I want to grow plants that are the best of all worlds. Delicious and high yield and beautiful, and drought tolerant and pest resistant. As I mentioned a couple posts ago writing about resilient crops, there are often tradeoffs for crops between attractiveness as food for people and degree of scrappiness and resilience.

Quick review — if it is juicy and delicious for people, it will be for pests, too. And if it’s juicy and delicious, and quickly grows lush and huge, it’ll wilt up at the first sign of drought. Best bet for something tasty? Grown in a greenhouse, watered every day. Best bet for tough? Something leathery and bitter that doesn’t care about a month without water. So there is a balance to be found between wildness and domesticity, and balances take wisdom.

I take a lot of inspiration from Masanobu Fukuoka.
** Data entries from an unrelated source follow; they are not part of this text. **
(* Define the following four subsets of $\mathbb{R}^5$. (1) $D_5$ is the set of all $40$ vectors obtained by permuting the coordinates of $(\pm 1,\pm 1,0,0,0)$ (all sign choices). (2) $L_5$ is obtained from $D_5$ by removing the $8$ vectors whose fifth coordinate equals $1$ (namely the permutations of $(\pm1,0,0,0)$ in the first four coordinates, with fifth coordinate $1$) and adding the $8$ vectors $(\pm\tfrac12,\pm\tfrac12,\pm\tfrac12,\pm\tfrac12,1)$ having an odd number of minus signs among the first four coordinates. (3) $Q_5$ is obtained from $D_5$ by removing the $10$ vectors with coordinate sum $2$ (the permutations of $(1,1,0,0,0)$) and adding the $10$ vectors obtained by permuting the coordinates of $(-\tfrac15,-\tfrac15,\tfrac45,\tfrac45,\tfrac45)$. (These are the images of the $10$ vectors with coordinate sum $-2$ under the reflection $v\mapsto v-2\langle v,w\rangle w$, $w=(1,1,1,1,1)/\sqrt5$, across the hyperplane of coordinate sum $0$.) (4) $R_5$ is obtained from $L_5$ by removing the $10$ vectors of $L_5$ with coordinate sum $2$ and adding the $10$ vectors obtained by permuting the coordinates of $(-\tfrac15,-\tfrac15,\tfrac45,\tfrac45,\tfrac45)$. Then each of $D_5$, $L_5$, $Q_5$, $R_5$ is a kissing configuration of $40$ points in $\mathbb{R}^5$, and no two of them are isometric. In particular, there are at least four pairwise non-isometric kissing configurations of $40$ points in five dimensions.
   Context: A kissing configuration in $\mathbb{R}^n$ is a finite set of vectors all of the same norm $r>0$ such that any two distinct vectors form an angle of at least $\pi/3$, i.e. have inner product at most $r^2/2$; here all vectors have squared norm $2$, so the condition is that distinct vectors have inner product at most $1$. Two configurations are isometric if some orthogonal transformation of $\mathbb{R}^n$ maps one onto the other. *)

From mathcomp Require Import all_boot all_order all_algebra.
From mathcomp Require Import reals.
Set Implicit Arguments. Unset Strict Implicit. Unset Printing Implicit Defensive.
Import Order.TTheory GRing.Theory Num.Theory.
Local Open Scope ring_scope.

Section Kissing.
Variable R : realType.

Definition dotv n (u v : 'rV[R]_n) : R := \sum_(k < n) u 0 k * v 0 k.

Definition kissing_config n (S : seq 'rV[R]_n) : Prop :=
  uniq S /\
  exists r : R, 0 < r /\
    (forall v, v \in S -> dotv v v = r ^+ 2) /\
    (forall u v, u \in S -> v \in S -> u != v -> dotv u v <= r ^+ 2 / 2).

Definition orthogonal_mx n (Q : 'M[R]_n) : Prop := Q *m Q^T = 1%:M.

Definition isometric n (S T : seq 'rV[R]_n) : Prop :=
  exists Q : 'M[R]_n, orthogonal_mx Q /\ map (fun v => v *m Q) S =i T.

Definition sgn (b : bool) : R := if b then -1 else 1.

Definition pairs5 : seq ('I_5 * 'I_5) :=
  [seq ij : 'I_5 * 'I_5 <- enum {: 'I_5 * 'I_5} | (ij.1 < ij.2)%N].

Definition coord_sum (v : 'rV[R]_5) : R := \sum_(k < 5) v 0 k.

Definition D5 : seq 'rV[R]_5 :=
  [seq \row_k (if k == ij.1 then sgn ab.1 else if k == ij.2 then sgn ab.2 else 0)
  | ij <- pairs5, ab <- enum {: bool * bool}].

(* (+-1/2,+-1/2,+-1/2,+-1/2,1) with an odd number of minus signs among the
   first four coordinates; s k = true means a minus sign at coordinate k. *)
Definition halves5 : seq 'rV[R]_5 :=
  [seq \row_k (if k == ord_max then 1 else sgn (s k) / 2)
  | s : {ffun 'I_5 -> bool} <- enum {: {ffun 'I_5 -> bool}}
  & ~~ s ord_max && odd #|[pred i | s i]| ].

Definition P5 : seq 'rV[R]_5 :=
  [seq \row_k (if (k == ij.1) || (k == ij.2) then - (1 / 5) else 4 / 5)
  | ij <- pairs5].

Definition L5 : seq 'rV[R]_5 :=
  [seq v : 'rV[R]_5 <- D5 | v 0 ord_max != 1] ++ halves5.

Definition Q5 : seq 'rV[R]_5 :=
  [seq v : 'rV[R]_5 <- D5 | coord_sum v != 2] ++ P5.

Definition R5 : seq 'rV[R]_5 :=
  [seq v : 'rV[R]_5 <- L5 | coord_sum v != 2] ++ P5.

End Kissing.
One thing he emphasized was letting nature make decisions as much as possible. The ability of organisms and ecosystems to find balance is far above what our ability to intellectually find balance ever could be.
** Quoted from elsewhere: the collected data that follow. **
Lemma pohozaev_energy_zero k m Lambda y : (k <= m)%nat ->
  (forall j, (j <= m)%nat -> f j y = 0) -> pohozaev_energy k m Lambda y = 0.
Proof.
  intros Hk H0.
  assert (HE : forall r, (r <= m)%nat -> energy_flux r y = 0).
  { intros r Hr. unfold energy_flux. rewrite sum_lt_zero; [ring|].
    intros i Hi. rewrite H0 by lia. ring. }
  assert (HP : forall r, (r <= m)%nat -> pohozaev_flux r y = 0).
  { intros r Hr. unfold pohozaev_flux. rewrite sum_lt_zero; [rewrite H0 by lia; ring|].
    intros i Hi. unfold x_deriv. rewrite (H0 i), (H0 (S i)) by lia. ring. }
  unfold pohozaev_energy. rewrite !HE, !HP by lia. ring.
Qed.

End Fluxes.

Section Dirichlet.

Variables a b : R.
Hypothesis ab : a < b.
Variable f : nat -> R -> R.
Variable N : nat.
Hypothesis Hf : forall j x, (j < N)%nat -> segment a b x ->
  deriv_within (segment a b) (f j) x (f (S j) x).

Lemma derivs_zero_below m : (m <= N)%nat ->
  (forall x, segment a b x -> f m x = 0) -> (forall j, (j < m)%nat -> f j b = 0) ->
  forall j x, (j <= m)%nat -> segment a b x -> f j x = 0.
Proof.
  intros HmN Hm Hb.
  assert (Hdesc : forall t, (t <= m)%nat -> forall x, segment a b x -> f (m - t)%nat x = 0).
  { induction t as [|t IH]; intros Ht x Hx; [rewrite Nat.sub_0_r; auto|].
    assert (Hd0 : forall y, segment a b y -> deriv_within (segment a b) (f (m - S t)%nat) y 0).
    { intros y Hy. eapply deriv_within_eq_val; [apply Hf; auto; lia|].
      replace (S (m - S t)) with (m - t)%nat by lia. apply IH; auto; lia. }
    rewrite (segment_const_of_deriv0 a b _ Hd0 x b Hx ltac:(unfold segment; lra)).
    apply Hb; lia. }
  intros j x Hj Hx. replace j with (m - (m - j))%nat by lia. apply Hdesc; auto; lia.
Qed.

Lemma Lop_dirichlet_unique p m Lambda :
  (1 <= p)%nat -> (p <= m)%nat -> (2 * m < N)%nat ->
  (forall j, (j <= m)%nat -> f j a = 0 /\ f j b = 0) ->
  (forall x, segment a b x -> Lop p m Lambda f x = 0) ->
  forall j x, (j <= m)%nat -> segment a b x -> f j x = 0.
Proof.
  intros Hp Hpm HmN Hbd HL.
  remember (m - p)%nat as k eqn:Hk.
  assert (Hkm : (k < m)%nat) by lia.
  assert (HW : forall x, segment a b x ->
    deriv_within (segment a b) (pohozaev_energy f k m Lambda) x
      ((INR m - INR k) * (f m x * f m x))).
  { intros x Hx. eapply deriv_within_eq_val.
    - apply (deriv_within_pohozaev_energy f _ N Hf); auto; lia.
    - assert (E := HL x Hx). unfold Lop in E.
      replace (2 * m - 2 * p)%nat with (2 * k)%nat in E by lia. rewrite <- Hk in E.
      rewrite E. ring. }
  assert (Hgap : INR k < INR m) by (apply lt_INR, Hkm).
  assert (Hsq : forall x, (INR m - INR k) * (f m x * f m x) = 0 -> f m x = 0).
  { intros x Hx. apply Rmult_integral in Hx as [Hx|Hx]; [lra|].
    apply Rmult_integral in Hx as [Hx|Hx]; exact Hx. }
  assert (Hfm : forall x, segment a b x -> f m x = 0).
  { intros x Hx. apply Hsq.
    apply (segment_deriv_nonneg_zero_ends a b ab _ _ HW); auto.
    - intros y _. apply Rmult_le_pos; [lra|apply Rle_0_sqr].
    - apply pohozaev_energy_zero; [lia|]. intros j Hj; apply Hbd, Hj.
    - apply pohozaev_energy_zero; [lia|]. intros j Hj; apply Hbd, Hj. }
  apply derivs_zero_below; [lia|exact Hfm|]. intros j Hj; apply Hbd; lia.
Qed.

End Dirichlet.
My application of that idea here is to have nature find the balance between resilience and my desires for tastiness, yield, ease of harvest, etc. In my garden, I’ll do some breeding and selection for those conventionally sought things. And I’ll have patches of land where I simply scatter seed and neglect it henceforth, and what grows, grows. Periodically – maybe every year, maybe every five years, I’ll plant some of the feral seeds in my garden, and scatter some garden seeds in the feral patch, and let them all crosspollinate and compromise.

The two patches won’t ever agree with each other all the way. There will always be a tension. But over enough time, the garden plants will be as tough as possible given the traits I want to see in them, and they will have high genetic diversity. And the feral patch will have as much of the traits I want as is possible for to have while growing wild.

It’s basically a system of checks and balances. It’s not perfect, but it’ll fundamentally anchor my domesticated plants in some kind of external reality, and give them high genetic diversity so they can adapt quickly to changing conditions. This “feral anchoring”.